* REQUIRED ACTION
Down to the last line, the material below should be reproduced exactly.

* PROVIDED RECORDS
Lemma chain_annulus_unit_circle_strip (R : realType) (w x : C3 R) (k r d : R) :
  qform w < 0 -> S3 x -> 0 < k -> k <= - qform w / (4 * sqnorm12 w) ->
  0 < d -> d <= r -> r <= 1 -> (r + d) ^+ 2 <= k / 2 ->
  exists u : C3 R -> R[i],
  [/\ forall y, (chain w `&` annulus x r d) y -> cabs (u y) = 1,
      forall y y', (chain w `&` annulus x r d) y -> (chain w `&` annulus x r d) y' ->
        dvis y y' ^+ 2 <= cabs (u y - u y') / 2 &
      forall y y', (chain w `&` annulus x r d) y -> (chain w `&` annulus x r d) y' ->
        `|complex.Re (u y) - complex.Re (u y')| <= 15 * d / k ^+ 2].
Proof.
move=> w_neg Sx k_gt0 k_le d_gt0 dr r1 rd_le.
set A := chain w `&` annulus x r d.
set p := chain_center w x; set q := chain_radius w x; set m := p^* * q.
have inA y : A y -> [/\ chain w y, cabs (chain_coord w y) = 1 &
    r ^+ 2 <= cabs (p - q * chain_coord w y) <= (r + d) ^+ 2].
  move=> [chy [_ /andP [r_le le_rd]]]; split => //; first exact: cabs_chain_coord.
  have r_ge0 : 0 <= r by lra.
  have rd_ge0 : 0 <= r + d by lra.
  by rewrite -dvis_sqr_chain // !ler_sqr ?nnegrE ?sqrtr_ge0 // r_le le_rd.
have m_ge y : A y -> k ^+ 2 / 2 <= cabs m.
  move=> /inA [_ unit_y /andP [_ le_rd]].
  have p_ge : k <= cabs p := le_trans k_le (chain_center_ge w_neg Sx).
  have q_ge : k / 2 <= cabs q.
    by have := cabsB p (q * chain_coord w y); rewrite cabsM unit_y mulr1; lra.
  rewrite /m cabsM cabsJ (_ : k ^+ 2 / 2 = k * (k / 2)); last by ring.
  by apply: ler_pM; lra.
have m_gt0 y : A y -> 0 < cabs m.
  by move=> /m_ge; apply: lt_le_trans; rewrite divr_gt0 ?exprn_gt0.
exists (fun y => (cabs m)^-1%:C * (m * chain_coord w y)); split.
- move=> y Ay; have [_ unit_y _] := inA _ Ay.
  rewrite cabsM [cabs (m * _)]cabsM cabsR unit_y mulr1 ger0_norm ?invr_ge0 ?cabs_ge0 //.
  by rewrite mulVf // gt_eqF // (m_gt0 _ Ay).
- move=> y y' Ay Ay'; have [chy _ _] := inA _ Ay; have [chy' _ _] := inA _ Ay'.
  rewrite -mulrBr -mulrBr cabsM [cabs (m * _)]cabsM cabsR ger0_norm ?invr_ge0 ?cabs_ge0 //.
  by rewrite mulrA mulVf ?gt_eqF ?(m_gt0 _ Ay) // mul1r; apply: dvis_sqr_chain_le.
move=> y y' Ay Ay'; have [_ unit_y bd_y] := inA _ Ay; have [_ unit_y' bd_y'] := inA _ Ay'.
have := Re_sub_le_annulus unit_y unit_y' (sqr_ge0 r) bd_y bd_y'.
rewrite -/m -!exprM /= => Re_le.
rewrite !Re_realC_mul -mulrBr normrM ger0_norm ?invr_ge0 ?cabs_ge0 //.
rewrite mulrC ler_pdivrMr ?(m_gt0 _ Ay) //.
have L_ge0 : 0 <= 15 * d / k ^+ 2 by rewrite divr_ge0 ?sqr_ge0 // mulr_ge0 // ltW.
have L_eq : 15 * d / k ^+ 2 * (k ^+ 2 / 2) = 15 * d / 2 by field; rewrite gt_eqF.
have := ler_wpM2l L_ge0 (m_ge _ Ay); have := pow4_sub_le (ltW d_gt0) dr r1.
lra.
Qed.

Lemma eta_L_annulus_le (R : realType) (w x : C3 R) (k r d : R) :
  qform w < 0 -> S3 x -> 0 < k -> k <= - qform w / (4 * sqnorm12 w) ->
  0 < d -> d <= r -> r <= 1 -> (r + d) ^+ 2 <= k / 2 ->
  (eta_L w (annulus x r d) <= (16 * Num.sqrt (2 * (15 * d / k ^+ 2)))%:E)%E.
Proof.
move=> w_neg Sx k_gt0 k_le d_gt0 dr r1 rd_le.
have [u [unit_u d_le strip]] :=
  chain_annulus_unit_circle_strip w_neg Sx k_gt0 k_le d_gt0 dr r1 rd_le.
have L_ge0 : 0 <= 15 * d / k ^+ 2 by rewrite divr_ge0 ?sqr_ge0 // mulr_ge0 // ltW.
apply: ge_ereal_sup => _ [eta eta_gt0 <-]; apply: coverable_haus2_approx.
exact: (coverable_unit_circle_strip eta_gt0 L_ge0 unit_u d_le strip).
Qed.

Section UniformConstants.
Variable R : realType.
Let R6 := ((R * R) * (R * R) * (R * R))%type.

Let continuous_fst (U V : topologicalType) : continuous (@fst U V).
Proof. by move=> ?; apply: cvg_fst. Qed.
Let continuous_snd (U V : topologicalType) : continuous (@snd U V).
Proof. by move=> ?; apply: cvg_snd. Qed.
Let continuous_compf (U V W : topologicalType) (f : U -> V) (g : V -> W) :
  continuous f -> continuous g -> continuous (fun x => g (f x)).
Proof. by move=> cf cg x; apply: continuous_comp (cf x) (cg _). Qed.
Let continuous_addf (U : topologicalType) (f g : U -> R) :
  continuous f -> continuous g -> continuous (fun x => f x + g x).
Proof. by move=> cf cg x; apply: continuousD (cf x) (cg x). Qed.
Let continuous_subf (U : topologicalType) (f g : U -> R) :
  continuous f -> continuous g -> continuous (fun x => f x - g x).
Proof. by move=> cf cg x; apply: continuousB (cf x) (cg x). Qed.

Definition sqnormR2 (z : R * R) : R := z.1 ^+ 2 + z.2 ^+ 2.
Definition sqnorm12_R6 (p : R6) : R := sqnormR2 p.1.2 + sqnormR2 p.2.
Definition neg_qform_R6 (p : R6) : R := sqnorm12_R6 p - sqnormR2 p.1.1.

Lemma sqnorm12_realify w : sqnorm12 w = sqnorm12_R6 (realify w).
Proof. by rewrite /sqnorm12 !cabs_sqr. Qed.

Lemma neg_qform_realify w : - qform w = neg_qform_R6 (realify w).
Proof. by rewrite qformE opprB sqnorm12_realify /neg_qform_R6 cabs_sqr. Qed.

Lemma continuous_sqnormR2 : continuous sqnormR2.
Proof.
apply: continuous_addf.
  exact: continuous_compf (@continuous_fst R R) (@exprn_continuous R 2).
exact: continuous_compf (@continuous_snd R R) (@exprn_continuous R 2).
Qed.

* TASK SOLUTION
Lemma chain_annulus_unit_circle_strip (R : realType) (w x : C3 R) (k r d : R) :
  qform w < 0 -> S3 x -> 0 < k -> k <= - qform w / (4 * sqnorm12 w) ->
  0 < d -> d <= r -> r <= 1 -> (r + d) ^+ 2 <= k / 2 ->
  exists u : C3 R -> R[i],
  [/\ forall y, (chain w `&` annulus x r d) y -> cabs (u y) = 1,
      forall y y', (chain w `&` annulus x r d) y -> (chain w `&` annulus x r d) y' ->
        dvis y y' ^+ 2 <= cabs (u y - u y') / 2 &
      forall y y', (chain w `&` annulus x r d) y -> (chain w `&` annulus x r d) y' ->
        `|complex.Re (u y) - complex.Re (u y')| <= 15 * d / k ^+ 2].
Proof.
move=> w_neg Sx k_gt0 k_le d_gt0 dr r1 rd_le.
set A := chain w `&` annulus x r d.
set p := chain_center w x; set q := chain_radius w x; set m := p^* * q.
have inA y : A y -> [/\ chain w y, cabs (chain_coord w y) = 1 &
    r ^+ 2 <= cabs (p - q * chain_coord w y) <= (r + d) ^+ 2].
  move=> [chy [_ /andP [r_le le_rd]]]; split => //; first exact: cabs_chain_coord.
  have r_ge0 : 0 <= r by lra.
  have rd_ge0 : 0 <= r + d by lra.
  by rewrite -dvis_sqr_chain // !ler_sqr ?nnegrE ?sqrtr_ge0 // r_le le_rd.
have m_ge y : A y -> k ^+ 2 / 2 <= cabs m.
  move=> /inA [_ unit_y /andP [_ le_rd]].
  have p_ge : k <= cabs p := le_trans k_le (chain_center_ge w_neg Sx).
  have q_ge : k / 2 <= cabs q.
    by have := cabsB p (q * chain_coord w y); rewrite cabsM unit_y mulr1; lra.
  rewrite /m cabsM cabsJ (_ : k ^+ 2 / 2 = k * (k / 2)); last by ring.
  by apply: ler_pM; lra.
have m_gt0 y : A y -> 0 < cabs m.
  by move=> /m_ge; apply: lt_le_trans; rewrite divr_gt0 ?exprn_gt0.
exists (fun y => (cabs m)^-1%:C * (m * chain_coord w y)); split.
- move=> y Ay; have [_ unit_y _] := inA _ Ay.
  rewrite cabsM [cabs (m * _)]cabsM cabsR unit_y mulr1 ger0_norm ?invr_ge0 ?cabs_ge0 //.
  by rewrite mulVf // gt_eqF // (m_gt0 _ Ay).
- move=> y y' Ay Ay'; have [chy _ _] := inA _ Ay; have [chy' _ _] := inA _ Ay'.
  rewrite -mulrBr -mulrBr cabsM [cabs (m * _)]cabsM cabsR ger0_norm ?invr_ge0 ?cabs_ge0 //.
  by rewrite mulrA mulVf ?gt_eqF ?(m_gt0 _ Ay) // mul1r; apply: dvis_sqr_chain_le.
move=> y y' Ay Ay'; have [_ unit_y bd_y] := inA _ Ay; have [_ unit_y' bd_y'] := inA _ Ay'.
have := Re_sub_le_annulus unit_y unit_y' (sqr_ge0 r) bd_y bd_y'.
rewrite -/m -!exprM /= => Re_le.
rewrite !Re_realC_mul -mulrBr normrM ger0_norm ?invr_ge0 ?cabs_ge0 //.
rewrite mulrC ler_pdivrMr ?(m_gt0 _ Ay) //.
have L_ge0 : 0 <= 15 * d / k ^+ 2 by rewrite divr_ge0 ?sqr_ge0 // mulr_ge0 // ltW.
have L_eq : 15 * d / k ^+ 2 * (k ^+ 2 / 2) = 15 * d / 2 by field; rewrite gt_eqF.
have := ler_wpM2l L_ge0 (m_ge _ Ay); have := pow4_sub_le (ltW d_gt0) dr r1.
lra.
Qed.

Lemma eta_L_annulus_le (R : realType) (w x : C3 R) (k r d : R) :
  qform w < 0 -> S3 x -> 0 < k -> k <= - qform w / (4 * sqnorm12 w) ->
  0 < d -> d <= r -> r <= 1 -> (r + d) ^+ 2 <= k / 2 ->
  (eta_L w (annulus x r d) <= (16 * Num.sqrt (2 * (15 * d / k ^+ 2)))%:E)%E.
Proof.
move=> w_neg Sx k_gt0 k_le d_gt0 dr r1 rd_le.
have [u [unit_u d_le strip]] :=
  chain_annulus_unit_circle_strip w_neg Sx k_gt0 k_le d_gt0 dr r1 rd_le.
have L_ge0 : 0 <= 15 * d / k ^+ 2 by rewrite divr_ge0 ?sqr_ge0 // mulr_ge0 // ltW.
apply: ge_ereal_sup => _ [eta eta_gt0 <-]; apply: coverable_haus2_approx.
exact: (coverable_unit_circle_strip eta_gt0 L_ge0 unit_u d_le strip).
Qed.

Section UniformConstants.
Variable R : realType.
Let R6 := ((R * R) * (R * R) * (R * R))%type.

Let continuous_fst (U V : topologicalType) : continuous (@fst U V).
Proof. by move=> ?; apply: cvg_fst. Qed.
Let continuous_snd (U V : topologicalType) : continuous (@snd U V).
Proof. by move=> ?; apply: cvg_snd. Qed.
Let continuous_compf (U V W : topologicalType) (f : U -> V) (g : V -> W) :
  continuous f -> continuous g -> continuous (fun x => g (f x)).
Proof. by move=> cf cg x; apply: continuous_comp (cf x) (cg _). Qed.
Let continuous_addf (U : topologicalType) (f g : U -> R) :
  continuous f -> continuous g -> continuous (fun x => f x + g x).
Proof. by move=> cf cg x; apply: continuousD (cf x) (cg x). Qed.
Let continuous_subf (U : topologicalType) (f g : U -> R) :
  continuous f -> continuous g -> continuous (fun x => f x - g x).
Proof. by move=> cf cg x; apply: continuousB (cf x) (cg x). Qed.

Definition sqnormR2 (z : R * R) : R := z.1 ^+ 2 + z.2 ^+ 2.
Definition sqnorm12_R6 (p : R6) : R := sqnormR2 p.1.2 + sqnormR2 p.2.
Definition neg_qform_R6 (p : R6) : R := sqnorm12_R6 p - sqnormR2 p.1.1.

Lemma sqnorm12_realify w : sqnorm12 w = sqnorm12_R6 (realify w).
Proof. by rewrite /sqnorm12 !cabs_sqr. Qed.

Lemma neg_qform_realify w : - qform w = neg_qform_R6 (realify w).
Proof. by rewrite qformE opprB sqnorm12_realify /neg_qform_R6 cabs_sqr. Qed.

Lemma continuous_sqnormR2 : continuous sqnormR2.
Proof.
apply: continuous_addf.
  exact: continuous_compf (@continuous_fst R R) (@exprn_continuous R 2).
exact: continuous_compf (@continuous_snd R R) (@exprn_continuous R 2).
Qed.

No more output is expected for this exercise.